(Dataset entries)
_ _ _ _

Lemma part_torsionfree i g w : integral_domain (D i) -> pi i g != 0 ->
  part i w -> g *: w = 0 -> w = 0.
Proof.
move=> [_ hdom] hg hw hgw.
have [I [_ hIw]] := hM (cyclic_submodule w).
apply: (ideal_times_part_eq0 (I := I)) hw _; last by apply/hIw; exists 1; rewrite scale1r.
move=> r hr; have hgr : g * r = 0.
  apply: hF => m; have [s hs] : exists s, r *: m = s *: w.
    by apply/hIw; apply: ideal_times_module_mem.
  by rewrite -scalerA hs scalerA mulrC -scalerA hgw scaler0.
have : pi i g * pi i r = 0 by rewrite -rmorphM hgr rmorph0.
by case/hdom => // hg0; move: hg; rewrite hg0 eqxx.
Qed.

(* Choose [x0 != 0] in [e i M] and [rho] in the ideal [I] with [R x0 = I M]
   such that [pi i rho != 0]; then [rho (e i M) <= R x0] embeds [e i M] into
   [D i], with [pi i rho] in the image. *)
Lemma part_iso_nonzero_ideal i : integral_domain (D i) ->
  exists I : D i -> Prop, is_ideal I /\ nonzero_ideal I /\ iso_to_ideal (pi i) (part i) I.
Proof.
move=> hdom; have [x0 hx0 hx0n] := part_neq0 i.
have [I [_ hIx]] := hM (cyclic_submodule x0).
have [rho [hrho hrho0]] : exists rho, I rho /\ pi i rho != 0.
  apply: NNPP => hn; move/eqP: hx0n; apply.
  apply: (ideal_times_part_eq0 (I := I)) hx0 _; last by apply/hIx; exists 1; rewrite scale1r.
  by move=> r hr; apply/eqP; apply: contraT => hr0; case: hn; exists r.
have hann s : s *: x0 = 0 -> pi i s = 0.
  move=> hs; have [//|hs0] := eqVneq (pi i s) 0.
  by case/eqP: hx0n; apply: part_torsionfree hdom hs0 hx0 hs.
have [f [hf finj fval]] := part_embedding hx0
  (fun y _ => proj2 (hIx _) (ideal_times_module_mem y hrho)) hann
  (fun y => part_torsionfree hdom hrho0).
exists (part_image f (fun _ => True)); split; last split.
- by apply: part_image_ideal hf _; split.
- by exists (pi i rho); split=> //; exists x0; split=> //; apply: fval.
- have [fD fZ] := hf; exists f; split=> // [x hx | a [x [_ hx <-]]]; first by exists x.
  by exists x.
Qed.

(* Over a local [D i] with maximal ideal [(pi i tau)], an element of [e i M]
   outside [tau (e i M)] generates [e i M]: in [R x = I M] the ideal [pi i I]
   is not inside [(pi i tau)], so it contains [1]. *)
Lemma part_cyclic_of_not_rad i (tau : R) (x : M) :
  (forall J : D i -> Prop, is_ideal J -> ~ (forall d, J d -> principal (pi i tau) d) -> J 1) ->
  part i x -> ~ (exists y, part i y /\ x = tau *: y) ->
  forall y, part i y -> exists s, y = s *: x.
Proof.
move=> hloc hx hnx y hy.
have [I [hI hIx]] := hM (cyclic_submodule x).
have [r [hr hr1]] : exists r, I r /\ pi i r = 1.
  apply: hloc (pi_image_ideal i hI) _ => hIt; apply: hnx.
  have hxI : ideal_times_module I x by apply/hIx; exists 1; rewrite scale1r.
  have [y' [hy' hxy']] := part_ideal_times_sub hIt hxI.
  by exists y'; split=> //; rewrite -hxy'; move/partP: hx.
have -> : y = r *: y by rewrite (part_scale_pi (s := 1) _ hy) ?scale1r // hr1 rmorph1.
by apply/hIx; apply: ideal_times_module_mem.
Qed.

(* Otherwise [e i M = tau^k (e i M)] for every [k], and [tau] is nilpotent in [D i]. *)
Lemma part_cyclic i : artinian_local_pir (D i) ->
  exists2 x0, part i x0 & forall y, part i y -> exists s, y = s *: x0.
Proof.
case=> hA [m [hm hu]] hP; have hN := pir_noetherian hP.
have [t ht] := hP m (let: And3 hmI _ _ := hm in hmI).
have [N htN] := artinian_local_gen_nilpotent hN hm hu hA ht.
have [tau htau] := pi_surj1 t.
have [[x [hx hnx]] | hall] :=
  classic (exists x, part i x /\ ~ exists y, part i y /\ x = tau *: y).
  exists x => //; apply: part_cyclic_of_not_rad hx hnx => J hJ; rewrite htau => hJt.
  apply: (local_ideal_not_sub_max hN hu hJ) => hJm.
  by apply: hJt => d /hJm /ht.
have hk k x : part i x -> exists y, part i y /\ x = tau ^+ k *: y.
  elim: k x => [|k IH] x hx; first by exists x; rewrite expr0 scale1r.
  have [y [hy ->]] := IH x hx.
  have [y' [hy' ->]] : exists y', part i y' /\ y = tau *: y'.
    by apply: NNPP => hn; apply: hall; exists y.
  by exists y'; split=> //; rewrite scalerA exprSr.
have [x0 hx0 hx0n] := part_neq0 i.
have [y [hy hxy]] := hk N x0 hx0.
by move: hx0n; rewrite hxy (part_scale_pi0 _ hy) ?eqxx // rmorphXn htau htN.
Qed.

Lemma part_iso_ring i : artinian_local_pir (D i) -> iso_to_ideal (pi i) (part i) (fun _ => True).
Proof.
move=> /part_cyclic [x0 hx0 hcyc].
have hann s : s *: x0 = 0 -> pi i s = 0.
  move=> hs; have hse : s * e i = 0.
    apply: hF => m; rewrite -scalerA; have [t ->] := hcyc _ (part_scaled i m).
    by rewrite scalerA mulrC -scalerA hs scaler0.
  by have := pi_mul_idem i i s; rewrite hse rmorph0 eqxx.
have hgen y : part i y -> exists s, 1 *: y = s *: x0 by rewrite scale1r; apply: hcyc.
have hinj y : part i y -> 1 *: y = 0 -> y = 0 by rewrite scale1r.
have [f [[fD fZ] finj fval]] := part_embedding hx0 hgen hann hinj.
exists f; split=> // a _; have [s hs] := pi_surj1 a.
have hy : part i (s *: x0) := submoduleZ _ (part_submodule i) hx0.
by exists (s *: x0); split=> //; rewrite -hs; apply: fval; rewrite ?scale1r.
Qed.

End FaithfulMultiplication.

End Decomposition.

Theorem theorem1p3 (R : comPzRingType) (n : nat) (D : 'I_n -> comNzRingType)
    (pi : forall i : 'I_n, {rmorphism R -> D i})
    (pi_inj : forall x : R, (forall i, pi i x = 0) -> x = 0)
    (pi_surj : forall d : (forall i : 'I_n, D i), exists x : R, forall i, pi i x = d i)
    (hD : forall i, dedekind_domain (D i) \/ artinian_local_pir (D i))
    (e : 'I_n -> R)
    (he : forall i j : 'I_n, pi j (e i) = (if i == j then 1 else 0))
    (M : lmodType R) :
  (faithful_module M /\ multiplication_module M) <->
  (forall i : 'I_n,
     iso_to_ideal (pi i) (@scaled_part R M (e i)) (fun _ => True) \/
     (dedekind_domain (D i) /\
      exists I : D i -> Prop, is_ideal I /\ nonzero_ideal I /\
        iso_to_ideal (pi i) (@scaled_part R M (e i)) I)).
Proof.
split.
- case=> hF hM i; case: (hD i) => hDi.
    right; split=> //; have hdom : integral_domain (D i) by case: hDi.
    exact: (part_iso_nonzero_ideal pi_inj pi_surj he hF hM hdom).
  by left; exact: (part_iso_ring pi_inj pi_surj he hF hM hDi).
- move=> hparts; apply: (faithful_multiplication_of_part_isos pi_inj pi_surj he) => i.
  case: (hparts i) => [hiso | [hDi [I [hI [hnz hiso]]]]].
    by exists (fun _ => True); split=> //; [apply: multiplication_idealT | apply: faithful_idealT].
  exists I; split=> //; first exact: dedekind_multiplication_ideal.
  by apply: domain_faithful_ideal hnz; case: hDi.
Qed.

_ _ _ _

Problem requirements
Copy every line above that holds the word "hinj".

Response for this exercise
have hinj y : part i y -> 1 *: y = 0 -> y = 0 by rewrite scale1r.
have [f [[fD fZ] finj fval]] := part_embedding hx0 hgen hann hinj.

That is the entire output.